In general, IT department likes to be in control. They control all the computer deployment, including all servers, desktop PC's, laptops... hardware and software. Microsoft lets the computer maintenance folks power to control the software deployment in centralized manner. Our PC's are tweaked so we can't manually modify the registry files. Nor can we use tools like TweakUI. (I think tweakUI is an excellent productivity tool, but we're out of luck.) And the "Security" setting section of MSIE Options panel is completely locked - they are in control, not us. So, when they need to deploy new software or security rules, they can do it in very organized manner.
Now, try to apply that on Firefox. That's a completely different story. Firefox lets you control the application. And there are some very well-known extensions and plug-ins to enhance its features. Of course, along comes the possibility of introduction of malwares. Without the proper tweaks made to the application, it's impossible to control these possibilities, short of enforcing the ban the use of Firefox.
Also, there's an issue of the aptness in Firefox issues by the support personnel. Are all security folks and PC support groups be able to provide the sound support for Firefox? What if problems occur during the use of Firefox? This question can also lead to the security problem. With inadequate support, more problems will come up faster than the solutions.
With all that said, I still support Firefox. Firefox may be insecure, but IE is even worse. The IT department just can't see this point.

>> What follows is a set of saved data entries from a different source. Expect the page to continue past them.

(* Let $(V,\varphi,\xi,\eta,g)$ with $n\ge2$, the space $\mathcal{F}$, the inner product $\langle\cdot,\cdot\rangle$, the group $G$, the subspace $W_1$ and the subspaces $\mathcal{F}_1,\mathcal{F}_2,\mathcal{F}_3$ be as in the context. Then $W_1=\mathcal{F}_1\oplus\mathcal{F}_2\oplus\mathcal{F}_3$, the summands are mutually orthogonal with respect to $\langle\cdot,\cdot\rangle$, and each is invariant under the action of $G$.
   Context: Let $V$ be a real vector space of dimension $2n+1$ with an endomorphism $\varphi$, a vector $\xi$ and a linear form $\eta$ such that $\varphi\xi=0$, $\eta\circ\varphi=0$, $\eta(\xi)=1$, $\varphi^2=\mathrm{id}-\eta\otimes\xi$, and such that $\varphi$ restricted to $\mathbb{D}=\ker\eta$ has eigenvalues $\pm1$ with eigenspaces of equal dimension $n$. Let $g$ be a nondegenerate symmetric bilinear form on $V$ with $g(\varphi X,\varphi Y)=-g(X,Y)+\eta(X)\eta(Y)$; then $\eta(X)=g(X,\xi)$. Write $hX=X-\eta(X)\xi$. Fix a basis $\{e_1,\dots,e_{2n}\}$ of $\mathbb{D}$, write $Y=Y^ie_i+\eta(Y)\xi$. Let $\mathcal{F}$ be the vector space of all $(0,3)$-tensors of the form $F(X,Y,Z)=Y^ig(\mathcal{A}_{e_i}X,Z)+\eta(Y)g(\mathcal{A}_\xi X,\varphi Z)$, where $\mathcal{A}_{e_i}:V\to V$ and $\mathcal{A}_\xi:V\to\mathbb{D}$ are linear maps satisfying for all $X$, $i,j$: $g(\mathcal{A}_{e_i}X,e_j)=-g(\mathcal{A}_{e_j}X,e_i)$; $\mathcal{A}_{\varphi e_i}X=-\varphi(\mathcal{A}_{e_i}X)-g(\mathcal{A}_\xi X,e_i)\xi$ (index extended linearly); $\eta(\mathcal{A}_{e_i}X)=-g(\mathcal{A}_\xi X,\varphi e_i)$; $\eta(\mathcal{A}_\xi X)=0$. Inner product: $\langle F_1,F_2\rangle=g^{aq}g^{br}g^{cs}F_1(f_a,f_b,f_c)F_2(f_q,f_r,f_s)$ for a basis $\{f_a\}$ of $V$, $(g^{ab})$ inverse of $(g(f_a,f_b))$. For $F\in\mathcal{F}$ put $\theta_F(X)=g^{ab}F(f_a,f_b,X)$. $G$ is the group of linear automorphisms $a$ of $V$ with $a\varphi=\varphi a$, $a\xi=\xi$, $\eta\circ a=\eta$, $g(aX,aY)=g(X,Y)$, acting by $(\lambda(a)F)(X,Y,Z)=F(a^{-1}X,a^{-1}Y,a^{-1}Z)$. Let $W_1=\{F\in\mathcal{F}:F(X,Y,Z)=F(hX,hY,hZ)\ \forall X,Y,Z\}$. On $W_1$ define $m_1(F)(X,Y,Z)=\tfrac12\{F(X,Y,Z)-F(\varphi X,Y,\varphi Z)\}$ and $m_2(F)(X,Y,Z)=\tfrac12\{F(X,Y,Z)+F(\varphi X,Y,\varphi Z)\}$; $W_{11}=\mathrm{Im}\,m_1$, $\mathcal{F}_3=\mathrm{Im}\,m_2$. On $W_{11}$ define $m_3(F)(X,Y,Z)=F(X,Y,Z)-\frac{1}{2(n-1)}\{g(X,\varphi Y)\theta_F(\varphi Z)-g(X,\varphi Z)\theta_F(\varphi Y)-g(\varphi X,\varphi Y)\theta_F(Z)+g(\varphi X,\varphi Z)\theta_F(Y)\}$; $\mathcal{F}_1=\ker m_3$ and $\mathcal{F}_2=\mathrm{Im}\,m_3$ (subspaces of $W_{11}$). *)

From HB Require Import structures.
From mathcomp Require Import all_boot all_order all_algebra.
From mathcomp Require Import reals.
Set Implicit Arguments. Unset Strict Implicit. Unset Printing Implicit Defensive.
Import Order.TTheory GRing.Theory Num.Theory.
Local Open Scope ring_scope.

(* Conventions: V = 'rV[R]_N with N = 2n+1 (row vectors); a linear map
   X |-> f X is represented by a matrix M acting on the right, f X = X *m M. *)

Section Defs.
Variable R : realType.

Definition bil {N} (Gm : 'M[R]_N) (X Y : 'rV[R]_N) : R := (X *m Gm *m Y^T) 0 0.
Definition lin {N} (c : 'cV[R]_N) (X : 'rV[R]_N) : R := (X *m c) 0 0.
Definition hproj {N} (xi : 'rV[R]_N) (eta : 'cV[R]_N) (X : 'rV[R]_N) : 'rV[R]_N :=
  X - lin eta X *: xi.

Definition apc_struct (n : nat) (Phi : 'M[R]_(n.*2.+1)) (xi : 'rV[R]_(n.*2.+1))
    (eta : 'cV[R]_(n.*2.+1)) (Gm : 'M[R]_(n.*2.+1)) : Prop :=
  xi *m Phi = 0 /\
      (forall X, lin eta (X *m Phi) = 0) /\
      lin eta xi = 1 /\
      (forall X, X *m Phi *m Phi = X - lin eta X *: xi) /\
      \rank (eigenspace Phi 1 :&: kermx eta)%MS = n /\
      \rank (eigenspace Phi (-1) :&: kermx eta)%MS = n /\
      Gm^T = Gm /\
      Gm \in unitmx /\
      (forall X Y, bil Gm (X *m Phi) (Y *m Phi) = - bil Gm X Y + lin eta X * lin eta Y).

Sure, IE lets them take control of the application settings, but there are still plenty of problems. Currently, our Windows XP doesn't have SP2 loaded - no pop-up protection. It scares me to go to the internet using IE anymore. I really believe the IT department will save more troubles and money in the long run by making the switch. The cost of training will be made up quickly by the lack of support they have to provide!
By the way, our IT department allowed us the use of Firefox. I guess our business requirement sounded good enough to them. Damn right!
P.S. If you think "That's why Opera is even better!" (yes, that's you, Ledgem), don't forget, same security concern of Firefox applies to Opera too.